Her face fell. “Tam.” Her voice was quiet and so soft he read her lips as much as heard her voice. “You need to tell base to locate the pods quickly.”
He froze, waiting for her to continue.
“The gel can only sustain life for so long. They did the best they could, but the pods begin degradation after five hundred years, within a decade or so.”
He nodded again. Her eyes were big and so sad he didn’t need her to finish her next statement. Despair pulsed through the bond, pain broadcasting from her eyes. He pulled her into his embrace, stroking her neck where he knew it would give her the most comfort.
She pressed her nose between the muscles of his chest and when she spoke, her voice was muffled. For the first time in his life, he held a woman who was his as she turned to him for comfort.

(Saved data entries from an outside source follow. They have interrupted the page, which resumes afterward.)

Lemma mem_tuples_from (A : seq int) n (t : seq int) :
  (t \in tuples_from A n) = (size t == n) && all (mem A) t.
Proof.
elim: n t => [|n IH] t /=; first by case: t.
apply/allpairsPdep/idP => [[x [u [xA uA ->]]]|].
  by move: uA; rewrite /= IH xA eqSS.
case: t => [//|x u] /= /andP[su /andP[xA uA]]; exists x, u.
by rewrite IH -eqSS su uA.
Qed.

Lemma SnP n (A : seq int) (x : int) :
  reflect (exists t, [/\ size t = n, {subset t <= A}, uniq (sqrs t) & x = \sum_(a <- t) a])
          (x \in Sn n A).
Proof.
rewrite /Sn mem_undup; apply: (iffP mapP) => [[t]|[t [st tA ut ->]]].
  by rewrite mem_filter mem_tuples_from => /andP[ut /andP[/eqP st /allP tA]] ->; exists t.
by exists t; rewrite // mem_filter mem_tuples_from ut st eqxx; apply/allP.
Qed.

Lemma mem_Sn n (A t : seq int) : size t = n -> {subset t <= A} -> uniq (sqrs t) ->
  \sum_(a <- t) a \in Sn n A.
Proof. by move=> st tA ut; apply/SnP; exists t. Qed.

Lemma Sn_uniq n (A : seq int) : uniq (Sn n A).
Proof. exact: undup_uniq. Qed.

Lemma Sn_subset n (A B : seq int) : {subset A <= B} -> {subset Sn n A <= Sn n B}.
Proof.
move=> AB _ /SnP[t [st tA ut ->]]; apply: mem_Sn => //.
by move=> x /tA /AB.
Qed.

Lemma Sn_neq0 n (A : seq int) : (n <= nsqr A)%N -> Sn n A != [::].
Proof.
case/ex_sqr_uniq_tuple => t [st tA ut]; apply/eqP => Sn0.
by have := mem_Sn st tA ut; rewrite Sn0.
Qed.

Lemma Sn_opp n (A : seq int) (x : int) :
  (x \in Sn n [seq - a | a <- A]) = (- x \in Sn n A).
Proof.
have sqrs_opp t : sqrs [seq - a | a <- t] = sqrs t.
  by rewrite -map_comp; apply: eq_map => a /=; rewrite sqrrN.
apply/SnP/SnP => -[t [st tA ut xt]]; exists [seq - a | a <- t];
  rewrite size_map sqrs_opp big_map sumrN -xt ?opprK; split=> //.
  by move=> _ /mapP[b /tA /mapP[a aA ->] ->]; rewrite opprK.
by move=> _ /mapP[b /tA bA ->]; apply: map_f.
Qed.

Lemma size_Sn_opp n (A : seq int) : size (Sn n [seq - a | a <- A]) = size (Sn n A).
Proof.
rewrite -(size_map -%R (Sn n A)); apply/perm_size/uniq_perm.
- exact: Sn_uniq.
- by rewrite (map_inj_uniq oppr_inj) Sn_uniq.
- by move=> x; rewrite Sn_opp -{2}(opprK x) (mem_map oppr_inj).
Qed.

Lemma Sn_cons n (A t : seq int) (a : int) : size t = n -> {subset t <= A} ->
  uniq (sqrs t) -> a \in A -> a ^+ 2 \notin sqrs t -> a + \sum_(x <- t) x \in Sn n.+1 A.
Proof.
move=> st tA ut aA at_.
have -> : a + \sum_(x <- t) x = \sum_(x <- a :: t) x by rewrite big_cons.
apply: mem_Sn; rewrite /= ?st ?at_ //.
by move=> x; rewrite inE => /predU1P[->|/tA].
Qed.

Lemma Sn_addr n (A B : seq int) (a x : int) : {subset B <= A} -> a \in A ->
  {in B, forall b, b ^+ 2 != a ^+ 2} -> x \in Sn n B -> x + a \in Sn n.+1 A.
Proof.
move=> BA aA aB /SnP[t [st tB ut ->]]; rewrite addrC Sn_cons //.
  by move=> b /tB /BA.
by apply/mapP => -[b /tB /aB /eqP ba /esym].
Qed.

Lemma Sn_swap n (A t : seq int) (a y : int) : size t = n -> {subset t <= A} ->
  uniq (sqrs t) -> a \in t -> y \in A -> y ^+ 2 \notin sqrs (rem a t) ->
  \sum_(x <- t) x - a + y \in Sn n A.
Proof.
move=> st tA ut at_ yA yt; have t_rem := perm_to_rem at_.
rewrite -st (perm_size t_rem) (perm_big _ t_rem) big_cons /= [a + _]addrC addrK addrC.
rewrite Sn_cons ?uniq_sqrs_rem //.
by move=> x /mem_rem /tA.
Qed.

Lemma wlog_pos_top (P : seq int -> Prop) :
  (forall A : seq int, P [seq - a | a <- A] -> P A) ->
  (forall (A : seq int) (v : int), uniq A -> v \in A -> 0 < v ->
     {in A, forall a, a ^+ 2 <= v ^+ 2} -> P A) ->
  forall A : seq int, uniq A -> (1 < size A)%N -> P A.
Proof.
move=> P_opp P_top A uA A_gt1.
have A_neq0 : sqrs A != [::] by case: (A) A_gt1.
have [_ /mapP[a aA ->] a_max] := ex_max_seq A_neq0.
have a_top : {in A, forall b, b ^+ 2 <= a ^+ 2} by move=> b bA; apply/a_max/map_f.
case: (ltgtP a 0) => [a_lt0|a_gt0|a0]; last first.
- have : {subset A <= [:: 0]}.
    by move=> b /a_top; rewrite a0 expr0n /= inE -sqrf_eq0 eq_le sqr_ge0 andbT.
  by move/(uniq_leq_size uA); rewrite leqNgt A_gt1.
- exact: P_top uA aA a_gt0 a_top.
apply: P_opp; apply: (P_top _ (- a)); rewrite ?oppr_gt0 ?(mem_map oppr_inj) //.
  by rewrite (map_inj_uniq oppr_inj).
by move=> _ /mapP[b bA ->]; rewrite !sqrrN a_top.
Qed.

(** * Adding an element of maximal absolute value *)

Lemma swap_ler (M t y : int) : (M - t + y <= M) = (y <= t).
Proof. by rewrite -addrA gerDl addrC subr_le0. Qed.

Lemma size_Sn_rem_top n (A : seq int) (v : int) : uniq A -> v \in A -> 0 < v ->
  {in A, forall a, a ^+ 2 <= v ^+ 2} -> (n < nsqr (rem v A))%N ->
  (size (Sn n (rem v A)) + n <= size (Sn n A))%N.
Proof.
move=> uA vA v_gt0 v_top n_lt; set A' := rem v A in n_lt *.
have vA' : v \notin A' by rewrite mem_rem_uniqF.
have A'A : {subset A' <= A} by move=> x /mem_rem.
have A'_itv a : a \in A' -> - v <= a < v.
  move=> aA'; have /andP[-> a_le] := sqr_le_itv (ltW v_gt0) (v_top a (A'A a aA')).
  by rewrite lt_neqAle a_le andbT; apply: contraNneq vA' => <-.
have [M MS M_max] := ex_max_seq (Sn_neq0 (ltnW n_lt)).
have /SnP[T [sT TA' uT eM]] := MS.
have TA : {subset T <= A} by move=> x /TA' /A'A.
have vT : - v \notin T.
  apply/negP => vT; rewrite -sT in n_lt; have [y yA' yT] := ex_new_sqr n_lt.
  have := M_max _ (Sn_swap sT TA' uT vT yA' (sqrs_rem_notin _ yT)).
  rewrite -eM swap_ler => y_le; have /andP[y_ge _] := A'_itv y yA'.
  have y_eq : y = - v by apply/eqP; rewrite eq_le y_le y_ge.
  by move: yT; rewrite y_eq (map_f (fun x => x ^+ 2) vT).
have := @leq_size_cat_lt _ _ (Sn n A') [seq M - t + v | t <- T] (Sn n A).
rewrite size_map sT; apply.
- exact: Sn_uniq.
- by rewrite map_inj_uniq ?(map_uniq uT) // => x y /addIr /subrI.
- move=> x _ /M_max x_le /mapP[t /TA' /A'_itv t_itv ->]; lia.
- exact: Sn_subset.
- move=> _ /mapP[t tT ->]; rewrite eM Sn_swap //.
  apply/mapP => -[z /mem_rem zT /eqP]; rewrite eq_sym eqf_sqr.
  case/orP => /eqP z_eq; first by move: vA'; rewrite -z_eq TA'.
  by move: vT; rewrite -z_eq zT.
Qed.

Lemma size_SnS_unpaired_top n (A : seq int) (v : int) : uniq A -> v \in A -> 0 < v ->
  {in A, forall a, a != v -> a ^+ 2 < v ^+ 2} -> Sn n (rem v A) != [::] ->
  (size (Sn n (rem v A)) + (size (rem v A) - 2 * n) <= size (Sn n.+1 A))%N.
Proof.
move=> uA vA v_gt0 v_top SnA'; set A' := rem v A in SnA' *.
have vA' : v \notin A' by rewrite mem_rem_uniqF.
have A'A : {subset A' <= A} by move=> x /mem_rem.
have A'_lt a : a \in A' -> a ^+ 2 < v ^+ 2.
  by move=> aA'; apply: v_top (A'A a aA') _; apply: contraNneq vA' => <-.
have [m mS m_min] := ex_min_seq SnA'.
have /SnP[T [sT TA' uT em]] := mS.
set U := [seq a <- A' | a ^+ 2 \notin sqrs T].
have := size_filter_new_sqr T (rem_uniq v uA); rewrite -/U sT => U_ge.
apply: (@leq_trans (size U + size (Sn n A'))).
  by rewrite addnC leq_add2r leq_subLR addnC.
have := @leq_size_cat_lt _ _ [seq a + m | a <- U] [seq y + v | y <- Sn n A'] (Sn n.+1 A).
rewrite !size_map; apply.
- by rewrite (map_inj_uniq (addIr m)) filter_uniq ?rem_uniq.
- by rewrite (map_inj_uniq (addIr v)) Sn_uniq.
- move=> x z /mapP[a aU ->] /mapP[y /m_min m_le ->].
  by move: aU; rewrite mem_filter => /andP[_ /A'_lt /(sqr_lt_itv v_gt0)]; lia.
- move=> x /mapP[a aU ->]; move: aU; rewrite mem_filter => /andP[aT /A'A aA].
  by rewrite em Sn_cons // => w /TA' /A'A.
- move=> x /mapP[y yS ->]; apply: Sn_addr A'A vA _ yS.
  by move=> b /A'_lt; rewrite lt_neqAle => /andP[].
Qed.

Lemma swap_far (M v t y : int) : - v < t < v -> - v < y < v -> M - 2 * v < M - t + y.
Proof. lia. Qed.

Section ChainBelowMax.

Variables (n : nat) (B T : seq int) (v M : int).
Hypotheses (n_gt0 : (0 < n)%N) (uB : uniq B) (B_itv : {in B, forall b, - v < b < v})
  (B_ge : (2 * n + 1 <= size B)%N) (sT : size T = n) (TB : {subset T <= B})
  (uT : uniq (sqrs T)) (eM : M = \sum_(x <- T) x) (M_max : {in Sn n B, forall x, x <= M}).

Let F := [seq b <- B | b ^+ 2 \notin sqrs T].

Let uT' : uniq T. Proof. exact: map_uniq uT. Qed.
Let uF : uniq F. Proof. exact: filter_uniq. Qed.

Let MS : M \in Sn n B. Proof. by rewrite eM mem_Sn. Qed.

Let FB y : y \in F -> y \in B /\ y ^+ 2 \notin sqrs T.
Proof. by rewrite mem_filter => /andP[]. Qed.

Let swap t y : t \in T -> y \in B -> y ^+ 2 \notin sqrs (rem t T) -> M - t + y \in Sn n B.
Proof. by move=> tT yB yT; rewrite eM Sn_swap. Qed.

Let swapF t y : t \in T -> y \in F -> M - t + y \in Sn n B.
Proof. by move=> tT /FB[yB yT]; rewrite swap // sqrs_rem_notin. Qed.

Let F_lt_T : {in F & T, forall y t, y < t}.
Proof.
move=> y t yF tT; have [_ yT] := FB yF.
rewrite lt_neqAle -(swap_ler M) M_max ?swapF // andbT.
by apply: contraNneq yT => ->; apply: map_f.
Qed.

Let F_ge : (size B <= size F + 2 * n)%N.
Proof. by rewrite -sT size_filter_new_sqr. Qed.

Let F_gt t : t \in T -> ~~ ((- t \in B) && (t != 0)) -> (size B < size F + 2 * n)%N.
Proof. by move=> tT t_lone; rewrite -sT (size_filter_new_sqr_lt uB uT' tT). Qed.

Let T_neq0 : T != [::].
Proof. by rewrite -size_eq0 sT -lt0n. Qed.

Let F_neq0 : F != [::].
Proof. by apply: contraTneq F_ge => ->; rewrite /= -ltnNge; lia. Qed.

Let far (W : seq int) f : f \in F ->
    {in W, forall w, exists2 t, t \in T & M - t + f <= w} -> {in W, forall w, M - 2 * v < w}.
Proof.
move=> /FB[/B_itv f_itv _] W_ge w /W_ge[t /TB /B_itv t_itv].
exact/lt_le_trans/swap_far.
Qed.

Let long_chain := exists W, [/\ uniq W, {subset W <= Sn n B},
  {in W, forall w, M - 2 * v < w} & (size B < n + size W)%N].

Let extremal f t0 :=
  [/\ f \in F, {in F, forall y, f <= y}, t0 \in T & {in T, forall t, t0 <= t}].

His chest hardened. When he laid the flat of his palm across her back, it spanned her entire rib cage. He didn’t want to hear her words, because he knew they hurt her. “It’s been four-hundred-and-ninety-seven years.”
5
I’m glad you’re you.
“IT’S SO BIG.” She couldn’t hide the breathless awe from her voice.
“I’m glad you like it,” Tam said with a droll half-smile as he docked the ship in the bay Space Traffic Control had dictated.
“Not that.” She pointed at the base in front of them. “That. Your base. Sierra-Six.” She’d seen it as they’d landed, the massive gray base punctuated with glowing blue, purple and green lights. Technically a ship, it was more a permanent space installation. “It’s huge.”
It spread before them in either direction, hulking, massive, dark. It almost looked like a great
stone planet in its own right, save for the regularity of its features. In the distance something enormous glowed, round and bright as a miniature planet—a sphere made entirely of glass.
He must have heard the apprehension in her voice, because his was gentle. “It’ll be okay. You’ll see.”
She took a deep breath. She had to trust him to do everything he could. These were his people. For now, at least, she’d follow his lead.
He unbuckled the straps of his pilot’s chair and turned to face her. The nexus of their bond had been on this little ship and now they’d arrived at Sierra-Six with all the demands of two races from separate planets. It felt like an ending of sorts, at least from the simplicity of the last few hours. Everything could only grow more complicated now.
She tilted her head. “What are you thinking?”
He rose and moved to her chair, squatting in front of her to unbuckle her straps. Golden skin, hair nearly black and thick, eyes dark-gray and stark against his skin. “I’m thinking,” he said, “that it’s going to be crowded as hell out there. Everyone with any reasonable excuse will have jockeyed for a place in that docking chamber. They’ll all want to see you.”
She nodded. “I’m an alien. Aliens tend to have that effect on people.”
“Women have that effect on men. Most of them have only spent three days with a woman in the last twenty years.”
“I understand, Tam.”
“They’re going to be very curious. They won’t mean disrespect, but...”
“I won’t be offended. And I would never be rude to them.”
They both stood.
His hand trailed down her cheek and she arched into it. “I hope this doesn’t come out wrong but I just wanted to say that I...” He broke off, as if struggling for words. “I’d have done what I did to save you even if you’d been stupid and humpbacked and three times your age.”
She laughed awkwardly. What would have happened then? He’d have spent his whole life wed to an old woman.
The thought brought a new stab of worry. What if Tam had been wrinkled, and smelly and mean? Would she still feel the same way? Was the Bonding so powerful that it could force artificial emotions?